The Royal Academy of Arts was founded through a personal act of King George III on 10 December 1768 with a mission to promote the arts of design through education and exhibition. The motive in founding the Academy was twofold: to raise the professional status of the artist by establishing a sound system of training and expert judgment in the arts and to arrange the exhibition of contemporary works of art attaining an appropriate standard of excellence. Behind this concept was the desire to foster a national school of art and to encourage appreciation and interest in the public based on recognized canons of good taste.
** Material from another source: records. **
(* For every positive integer $n$, as formal power series in $z$, \[ \frac{(-tzq;q)_{n}}{(zq;q)_{n}} = 1+ \sum_{k \geq 1} z^k q^k \left( \overline{{ n+k-1 \brack k}}_{q,t} + t\, \overline{ { n+k-2 \brack k-1}}_{q,t} \right). \]
   Context: An overpartition is a partition in which the last occurrence of each distinct part size may be overlined; its weight $|\lambda|$ is the sum of its parts. For integers $0\le b\le a$, $\overline{{a \brack b}}_{q,t}=\sum_{\lambda} t^{\#_o(\lambda)} q^{|\lambda|}$, the sum over all overpartitions $\lambda$ with largest part at most $a-b$ and at most $b$ parts, $\#_o(\lambda)$ being the number of overlined parts. $(x;q)_k=\prod_{j=1}^k(1-xq^{j-1})$. *)

From HB Require Import structures.
From mathcomp Require Import all_boot all_order all_algebra.
From mathcomp Require Import mpoly.
Set Implicit Arguments. Unset Strict Implicit. Unset Printing Implicit Defensive.
Import GRing.Theory.
Local Open Scope ring_scope.

(* Coefficient ring: Z[q,t] with q = 'X_0 and t = 'X_1. *)
Definition K := {mpoly int[2]}.
Definition qv : K := 'X_(@Ordinal 2 0 isT).
Definition tv : K := 'X_(@Ordinal 2 1 isT).

(* An overpartition with largest part <= m and at most b parts is encoded by
   f : 'I_m -> 'I_(b.+1) * bool : (f i).1 = multiplicity of the part size i+1,
   (f i).2 = whether the last occurrence of part size i+1 is overlined
   (only allowed if that size occurs). *)
Definition ovp_valid (m b : nat) (f : {ffun 'I_m -> 'I_b.+1 * bool}) : bool :=
  [forall i, (f i).2 ==> (0 < (f i).1)%N] && (\sum_(i < m) (f i).1 <= b)%N.

Definition ovp_weight (m b : nat) (f : {ffun 'I_m -> 'I_b.+1 * bool}) : nat :=
  \sum_(i < m) (i.+1 * (f i).1)%N.

Definition ovp_noverlined (m b : nat) (f : {ffun 'I_m -> 'I_b.+1 * bool}) : nat :=
  #|[set i | (f i).2]|.

(* overline [a brack b]_{q,t} : largest part <= a - b, at most b parts. *)
Definition obin (a b : nat) : K :=
  \sum_(f : {ffun 'I_(a - b) -> 'I_b.+1 * bool} | ovp_valid f)
     tv ^+ ovp_noverlined f * qv ^+ ovp_weight f.

(* Power series in z are represented via polynomials {poly K} in z = 'X. *)
(* (x;q)_n with x = c z :  prod_{j<n} (1 - c q^j z) *)
Definition qpoch_z (c : K) (n : nat) : {poly K} :=
  \prod_(j < n) (1 - (c * qv ^+ j) *: 'X).

Definition rhs_trunc (n N : nat) : {poly K} :=
  1 + \sum_(1 <= k < N.+1)
        (qv ^+ k * (obin (n + k - 1) k + tv * obin (n + k - 2) (k - 1))) *: 'X^k.

From HB Require Import structures.
From mathcomp Require Import all_boot all_order all_algebra.
From mathcomp Require Import mpoly.
From mathcomp Require Import ring zify.

(* For each part size i+1 <= m, the factor 1 + (1 + t) sum_(c >= 1) (q^(i+2) z)^c of [ovp_gf]
   records the multiplicity c of that size and whether its last copy is overlined: besides
   q^((i+1) c) it carries (q z)^c.  Multiplying by 1/(1 - q z) pads the number of parts up to b,
   so the coefficient of z^b is q^b times the generating function of the overpartitions with
   largest part <= m and at most b parts, i.e. q^b * obin (m + b) b.  On the other hand each factor is
   (1 + t q^(i+2) z)/(1 - q^(i+2) z), so modulo z^(N+1) the right-hand side, which is
   (1 + t q z) [ovp_gf m N], is (-t z q; q)_(m+1) / (z q; q)_(m+1). *)

Import GRing.Theory.
Local Open Scope ring_scope.

Section TruncatedEquality.
Context {R : nzRingType}.
Implicit Types p r : {poly R}.

Definition trunc_eq (N : nat) p r := forall i, (i <= N)%N -> p`_i = r`_i.

Lemma trunc_eqM {N p p' r r'} :
  trunc_eq N p p' -> trunc_eq N r r' -> trunc_eq N (p * r) (p' * r').
Proof.
move=> epp' err' i iN; rewrite !coefM; apply: eq_bigr => j _.
have ji := leq_ord j.
by rewrite epp' ?err' //; lia.
Qed.

Lemma trunc_eq_prod N I (s : seq I) (P : pred I) (F G : I -> {poly R}) :
  (forall i, P i -> trunc_eq N (F i) (G i)) ->
  trunc_eq N (\prod_(i <- s | P i) F i) (\prod_(i <- s | P i) G i).
Proof.
move=> eFG; apply: (big_ind2 (trunc_eq N)) => //.
by move=> ? ? ? ? /trunc_eqM; apply.
Qed.

End TruncatedEquality.

Section GeometricSeries.
Context {R : comNzRingType}.
Implicit Types a t : R.

Lemma trunc_eq_sub_powZX N (p r : {poly R}) a : trunc_eq N (p - (a *: 'X) ^+ N.+1 * r) p.
Proof.
move=> i iN; rewrite coefB exprZn -scalerAl coefZ coefXnM ltnS iN.
by rewrite mulr0 subr0.
Qed.

Definition geosum a (M : nat) : {poly R} := \sum_(1 <= k < M.+1) a ^+ k *: 'X^k.

Lemma coef_geosum a M j : (geosum a M)`_j = if (0 < j <= M)%N then a ^+ j else 0.
Proof. by rewrite coef_sumMXn big_nat1_eq. Qed.

Lemma coef_geosum1 a M j : (1 + geosum a M)`_j = if (j <= M)%N then a ^+ j else 0.
Proof. by rewrite coefD coef1 coef_geosum; case: j => [|j] /=; rewrite ?addr0 ?add0r. Qed.

Lemma trunc_eq_geosum c a k N : (k <= N)%N ->
  trunc_eq k (1 + c *: geosum a N) (1 + c *: geosum a k).
Proof.
move=> kN j jk; rewrite !(coefD, coefZ, coef_geosum) jk.
by have -> : (j <= N)%N by lia.
Qed.

Lemma mul_geosum a M : (1 - a *: 'X) * (1 + geosum a M) = 1 - (a *: 'X) ^+ M.+1.
Proof.
have -> : 1 + geosum a M = \sum_(k < M.+1) (a *: 'X) ^+ k.
  rewrite -(big_mkord xpredT) big_ltn // expr0.
  by under eq_bigr do rewrite exprZn.
by rewrite -opprB mulNr -subrX1 opprB.
Qed.

Definition ovp_factor t a (M : nat) : {poly R} := 1 + (1 + t) *: geosum a M.

Lemma mul_ovp_factor_trunc t a N :
  trunc_eq N ((1 - a *: 'X) * ovp_factor t a N) (1 + (t * a) *: 'X).
Proof.
have -> : (1 - a *: 'X) * ovp_factor t a N =
    1 + (t * a) *: 'X - (a *: 'X) ^+ N.+1 * (1 + t)%:P.
  rewrite /ovp_factor -[geosum a N](addKr 1) -(mul_polyC (1 + t)) mulrDr mulrCA mulrDr.
  rewrite mul_geosum -!mul_polyC polyCM polyCD polyC1; ring.
exact: trunc_eq_sub_powZX.
Qed.

Lemma mul_trunc_eq_geosum a N : trunc_eq N ((1 - a *: 'X) * (1 + geosum a N)) 1.
Proof. by rewrite mul_geosum -[_ ^+ _]mulr1; apply: trunc_eq_sub_powZX. Qed.

End GeometricSeries.

Section OverpartitionGeneratingFunction.
Variables m b : nat.

Definition ovp_term (i : 'I_m) (x : 'I_b.+1 * bool) : {poly K} :=
  if x.2 ==> (0 < x.1)%N then (tv ^+ x.2 * qv ^+ (i.+1 * x.1)) *: (qv *: 'X) ^+ x.1
  else 0.

Lemma ovp_factorE (i : 'I_m) :
  ovp_factor tv (qv ^+ i.+2) b = \sum_(x : 'I_b.+1 * bool) ovp_term i x.
Proof.
rewrite -(pair_bigA _ (fun c o => ovp_term i (c, o))) /=.
under eq_bigr do rewrite big_bool.
rewrite big_ord_recl /ovp_term /= add0r muln0 !expr0 mulr1 scale1r.
rewrite /ovp_factor /geosum big_add1 big_mkord scaler_sumr; congr (_ + _).
apply: eq_bigr => j _; rewrite /bump /= add1n !exprZn !scalerA -!scalerDl.
have -> : qv ^+ i.+2 ^+ j.+1 = qv ^+ (i.+1 * j.+1) * qv ^+ j.+1.
  by rewrite -exprM -exprD; congr (_ ^+ _); lia.
by congr (_ *: _); ring.
Qed.

Lemma prod_ovp_term (f : {ffun 'I_m -> 'I_b.+1 * bool}) :
  \prod_i ovp_term i (f i) =
    if [forall i, (f i).2 ==> (0 < (f i).1)%N] then
      (tv ^+ ovp_noverlined f * qv ^+ ovp_weight f) *: (qv *: 'X) ^+ (\sum_i (f i).1)
    else 0.
Proof.
case: ifPn => [/forallP valid | /forallPn [i invalid]]; last first.
  by rewrite (bigD1 i) //= /ovp_term (negbTE invalid) mul0r.
rewrite /ovp_term; under eq_bigr => i _ do rewrite valid.
rewrite scaler_prod big_split /= !prodrXr.
congr (tv ^+ _ * _ *: _).
rewrite /ovp_noverlined -sum1dep_card [RHS]big_mkcond /=.
by apply: eq_bigr => i _; case: (f i).2.
Qed.

End OverpartitionGeneratingFunction.

Definition ovp_gf (m N : nat) : {poly K} :=
  \prod_(i < m) ovp_factor tv (qv ^+ i.+2) N * (1 + geosum qv N).

Lemma obin_coef m b : qv ^+ b * obin (m + b) b = (ovp_gf m b)`_b.
Proof.
rewrite /obin addnK /ovp_gf.
rewrite (eq_bigr _ (fun i _ => ovp_factorE m b i)).
rewrite bigA_distr_bigA /= mulr_suml coef_sum big_mkcond mulr_sumr /=.
apply: eq_bigr => f _; rewrite prod_ovp_term /ovp_valid.
case: [forall i, _] => /=; last by rewrite mulr0 mul0r coef0.
rewrite exprZn -!scalerAl !coefZ coefXnM.
case: ltnP => [_ | le_sum_b]; first by rewrite !mulr0.
by rewrite coef_geosum1 leq_subr -exprD subnKC // mulrC.
Qed.

Lemma trunc_eq_ovp_gf m k N : (k <= N)%N -> trunc_eq k (ovp_gf m N) (ovp_gf m k).
Proof.
move=> le_kN; apply: trunc_eqM; last first.
  by have := trunc_eq_geosum 1 qv k N le_kN; rewrite !scale1r.
by apply: trunc_eq_prod => i _; apply: trunc_eq_geosum.
Qed.

Lemma coef_ovp_gf m N k : (k <= N)%N -> (ovp_gf m N)`_k = qv ^+ k * obin (m + k) k.
Proof. by move=> le_kN; rewrite obin_coef (trunc_eq_ovp_gf m k N le_kN). Qed.

Lemma coef0_ovp_gf m N : (ovp_gf m N)`_0 = 1.
Proof.
rewrite coef0M coef0_prod coef_geosum1 big1 ?mul1r // => i _.
by rewrite coefD coef1 coefZ coef_geosum mulr0 addr0.
Qed.

Lemma rhs_trunc_ovp_gf m N :
  trunc_eq N (rhs_trunc m.+1 N) ((1 + (tv * qv) *: 'X) * ovp_gf m N).
Proof.
move=> j le_jN; rewrite mulrDl mul1r -scalerAl [RHS]coefD coefZ coefXM.
rewrite /rhs_trunc coefD coef1 coef_sumMXn big_nat1_eq.
case: j le_jN => [|j] le_jN /=; first by rewrite coef0_ovp_gf mulr0 !addr0.
rewrite ltnS le_jN add0r !coef_ovp_gf ?(ltnW le_jN) //.
have -> : (m.+1 + j.+1 - 1 = m + j.+1)%N by lia.
have -> : (m.+1 + j.+1 - 2 = m + j)%N by lia.
by rewrite subn1 /= exprS; ring.
Qed.

Lemma qpoch_z_recl c n :
  qpoch_z c n.+1 = (1 - c *: 'X) * \prod_(j < n) (1 - (c * qv ^+ j.+1) *: 'X).
Proof. by rewrite /qpoch_z big_ord_recl expr0 mulr1. Qed.

Theorem theorem3p2 (n : nat) : (0 < n)%N ->
  forall N i : nat, (i <= N)%N ->
    (qpoch_z qv n * rhs_trunc n N)`_i = (qpoch_z (- (tv * qv)) n)`_i.
Proof.
case: n => // m _ N i le_iN.
rewrite (trunc_eqM (fun _ _ => erefl) (rhs_trunc_ovp_gf m N) i le_iN).
set F := fun j : 'I_m => ovp_factor tv (qv ^+ j.+2) N.
have -> : qpoch_z qv m.+1 * ((1 + (tv * qv) *: 'X) * ovp_gf m N) =
    ((1 - qv *: 'X) * (1 + geosum qv N)) *
    ((1 + (tv * qv) *: 'X) * \prod_(j < m) ((1 - qv ^+ j.+2 *: 'X) * F j)).
  rewrite qpoch_z_recl /ovp_gf big_split /=.
  under eq_bigr do rewrite -exprS.
  ring.
have -> : qpoch_z (- (tv * qv)) m.+1 =
    1 * ((1 + (tv * qv) *: 'X) * \prod_(j < m) (1 + (tv * qv ^+ j.+2) *: 'X)).
  rewrite qpoch_z_recl mul1r scaleNr opprK.
  by under eq_bigr do rewrite mulNr scaleNr opprK -mulrA -exprS.
move: i le_iN; apply: trunc_eqM; first exact: mul_trunc_eq_geosum.
apply: trunc_eqM => //; apply: trunc_eq_prod => j _.
exact: mul_ovp_factor_trunc.
Qed.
The office of the Surveyor of the King's/Queen's Pictures, in the Royal Collection Department of the Royal Household of the Sovereign of the United Kingdom, is responsible for the care and maintenance of the royal collection of pictures owned by the Sovereign in an official capacity – as distinct from those owned privately and displayed at Sandringham House and Balmoral Castle and elsewhere. The office has only been full-time since 1972. It now operates in a professional capacity with a staff of a dozen people.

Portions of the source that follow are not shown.